While James won his fourth NBA championship, Davis became the eighth player in basketball history to win an NCAA championship, an Olympic gold medal and an NBA ring.
“Watching AD and LeBron, everything they did was together,” said Dwight Howard, who won a ring with the Lakers before moving on to Philadelphia as a free agent last month. “They worked out together, they ate together, they rolled dice together. We called them The Brothers. They were always together, playing video games, doing something.
“Even though there was games where LeBron was having triple-doubles, he made sure he fed AD and AD got off,” Howard added. "I just think when you have two guys like that who are willing to do whatever it takes to win, it brings up the morale of the team. They put everything on their shoulders. They knew they had guys around them, but it was, ‘OK, LeBron. OK, AD. We’ve got to do this. It starts with us. We’ve got to be on the same page at all times.' They did a really good job with it.”
The Lakers are returning with a roster around James and Davis that looks even better than last season's championship squad. NBA veterans Marc Gasol and Montrezl Harrell have replaced Howard and JaVale McGee to keep Davis out of the center spot during the regular season, while Wesley Matthews replaced inconsistent Danny Green on the wing and gifted point guard Dennis Schröder arrived to take ball-handling pressure off James.
Davis was never expected to leave the Lakers after he declined a $28.7 million player option to become a free agent last month, but many league observers thought Davis would go for a shorter contract to maximize his mobility, as is the preference of many modern stars and Klutch clients.
Instead, Davis chose the longest possible contract, albeit with an opt-out after four years. If Davis had set up his deal to become a free agent in 2022, he could have re-signed to receive a starting salary worth 35% of the team's salary cap.
In truth, the differences between his current contract and that hypothetical deal are only a few million dollars — and for Davis, security with a title contender clearly was worth a few million.
Davis will make more than $32.7 million this season, more than $35 million next season and nearly $38 million in 2022-23. The fourth year of the contract is worth about $40 million, and the fifth year would be worth more than $43 million.
Davis excelled throughout his first season with the Lakers, averaging 26.1 points, 9.3 rebounds, 3.2 assists and 2.3 blocks per game.
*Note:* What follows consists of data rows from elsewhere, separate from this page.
Hypothesis mono : forall j t t', lo j <= t -> t <= t' -> t' <= hi j ->
  u j t <= u j t' /\ w j t' <= w j t.

Lemma leaf_side_countermonotone e l :
  countermonotone (lo e) (hi e) (leaf_side e l) (far_side e l).
Proof.
rewrite /countermonotone /leaf_side /far_side; case: ifP => _; [left | right];
  by move=> t t' h1 h2 h3; have [] := mono h1 h2 h3.
Qed.

Hypotheses (cu : forall j, continuous (u j)) (cw : forall j, continuous (w j)).
Hypothesis leaf : forall S : {set 'I_m}, S != finset.set0 ->
  exists l e, [/\ e \in S,
    exists2 x, x != l & (ends e = (l, x) \/ ends e = (x, l)) &
    forall j, j \in S -> j != e -> (ends j).1 != l /\ (ends j).2 != l].

(* Induction on [S]: the flow on a leaf edge [e] is fixed first so that the leaf
   bus [l] is balanced, and the window left for the far bus [x] is passed on to
   the remaining edges. *)
Theorem tree_flow_sandwich (S : {set 'I_m}) (a b : 'I_n -> R) :
  (forall i, a i <= b i) ->
  (exists th0, in_box th0 /\ forall i, a i <= partial_net_flow S th0 i) ->
  (exists th1, in_box th1 /\ forall i, partial_net_flow S th1 i <= b i) ->
  exists th, in_box th /\ forall i, a i <= partial_net_flow S th i <= b i.
Proof.
have [k] := ubnP #|S|; elim: k S a b => // k IH S a b.
rewrite ltnS => Sk ab [th0 [box0 h0]] [th1 [box1 h1]].
have [S0|Sn0] := eqVneq S finset.set0.
  by exists th0; split=> // i; rewrite h0 /=; move: (h1 i); rewrite S0 !partial_net_flow0.
have [l [e [eS [x xl el] other]]] := leaf Sn0.
set S' := S :\ e; set phi := leaf_side e l; set psi := far_side e l.
have eS' : e \notin S' by rewrite !inE eqxx.
have S'k : (#|S'| < k)%N by move: Sk; rewrite (cardsD1 e S) eS.
have S'l th : partial_net_flow S' th l = 0.
  rewrite /partial_net_flow big1 // => j; rewrite !inE => /andP[je jS].
  by rewrite /edge_term; have [/negbTE -> /negbTE ->] := other j jS je; rewrite addr0.
have flowE th i : partial_net_flow S th i =
    (if i == l then phi (th e) else if i == x then psi (th e) else 0) +
    partial_net_flow S' th i.
  by rewrite (partial_net_flowD1 _ _ eS) (edge_term_leaf _ _ xl el).
have xl' : (x == l) = false by apply/negbTE.
have cm := leaf_side_countermonotone e l.
have cphi : continuous phi by rewrite /phi /leaf_side; case: ifP.
have cpsi : continuous psi by rewrite /psi /far_side; case: ifP.
have p0 : a l <= phi (th0 e) by have := h0 l; rewrite flowE eqxx S'l addr0.
have p1 : phi (th1 e) <= b l by have := h1 l; rewrite flowE eqxx S'l addr0.
have [tA [tB [[hA1 hA2 hA3] [hB1 hB2 hB3]]]] :=
  countermonotone_window cm cphi (box0 e) (box1 e) (ab l) p0 p1.
set hiv := Num.max (psi tA) (psi tB); set lov := Num.min (psi tA) (psi tB).
pose a' i := if i == l then 0 else if i == x then a x - hiv else a i.
pose b' i := if i == l then 0 else if i == x then b x - lov else b i.
have [th' [box' h']] : exists th, in_box th /\ forall i, a' i <= partial_net_flow S' th i <= b' i.
  apply: IH => //.
  - move=> i; rewrite /a' /b'; case: ifP => // _; case: ifP => // _.
    by apply: lerB => //; rewrite ge_min !le_max !lexx.
  - exists th0; split=> // i; rewrite /a'.
    case: (eqVneq i l) => [->|il]; first by rewrite S'l.
    have := h0 i; rewrite flowE (negbTE il); case: (eqVneq i x) => [-> | _]; last by rewrite add0r.
    have : psi (th0 e) <= hiv by rewrite /hiv le_max hA3.
    lra.
  - exists th1; split=> // i; rewrite /b'.
    case: (eqVneq i l) => [->|il]; first by rewrite S'l.
    have := h1 i; rewrite flowE (negbTE il); case: (eqVneq i x) => [-> | _]; last by rewrite add0r.
    have : lov <= psi (th1 e) by rewrite /lov ge_min hB3 orbT.
    lra.
set rx := partial_net_flow S' th' x.
have := h' x; rewrite /a' /b' xl' eqxx -/rx => /andP[hx1 hx2].
have [t [tI [tphi tpsi]]] : exists t, lo e <= t <= hi e /\ a l <= phi t <= b l /\
    a x - rx <= psi t <= b x - rx.
  by apply: (countermonotone_meet cm cpsi hA1 hB1 hA2 hB2); move: (ab x); rewrite -/hiv -/lov; lra.
exists (fun j => if j == e then t else th' j); split.
  by move=> j; case: eqP => [->|_]; [exact: tI | exact: box'].
move=> i; rewrite flowE partial_net_flow_set // eqxx.
case: (eqVneq i l) => [->|il]; first by rewrite S'l addr0.
case: (eqVneq i x) => [->|ix]; first by rewrite -/rx; move: tpsi; lra.
by rewrite add0r; have := h' i; rewrite /a' /b' (negbTE il) (negbTE ix).
Qed.
End TreeFlow.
Along with hitting 50% of his shots and a career-high 84.6% of his free throws, Davis was a dominant presence in the paint and on the wing throughout the year while the Lakers played the Western Conference's stingiest defense. Davis finished second to Milwaukee's Giannis Antetokounmpo in the NBA's defensive player of the year voting.
Davis was even better in the playoff bubble, averaging 27.7 points 9.7 rebounds, 3.5 assists and 1.4 blocks. He hit 57% of his shots and 38% of his 3-pointers, including a remarkable game-winning 3 at the buzzer in Game 2 of the Western Conference finals against Denver.
Although the Lakers' massive fan base couldn't attend their latest championship run, Davis is already cementing a spot among the franchise's greatest big men, a proud lineage stretching from George Mikan and Wilt Chamberlain through Kareem Abdul-Jabbar, Shaquille O'Neal and Pau Gasol.
Davis spent his first seven NBA seasons as the centerpiece of the Pelicans, but he could only lead them to two playoff appearances, and he requested a trade in February 2019. The players traded from Los Angeles to New Orleans for Davis included Brandon Ingram, who got a five-year, $158 million deal from the Pelicans last month, and playmaker Lonzo Ball.
AP Sports Writer Dan Gelston in Philadelphia contributed to this report.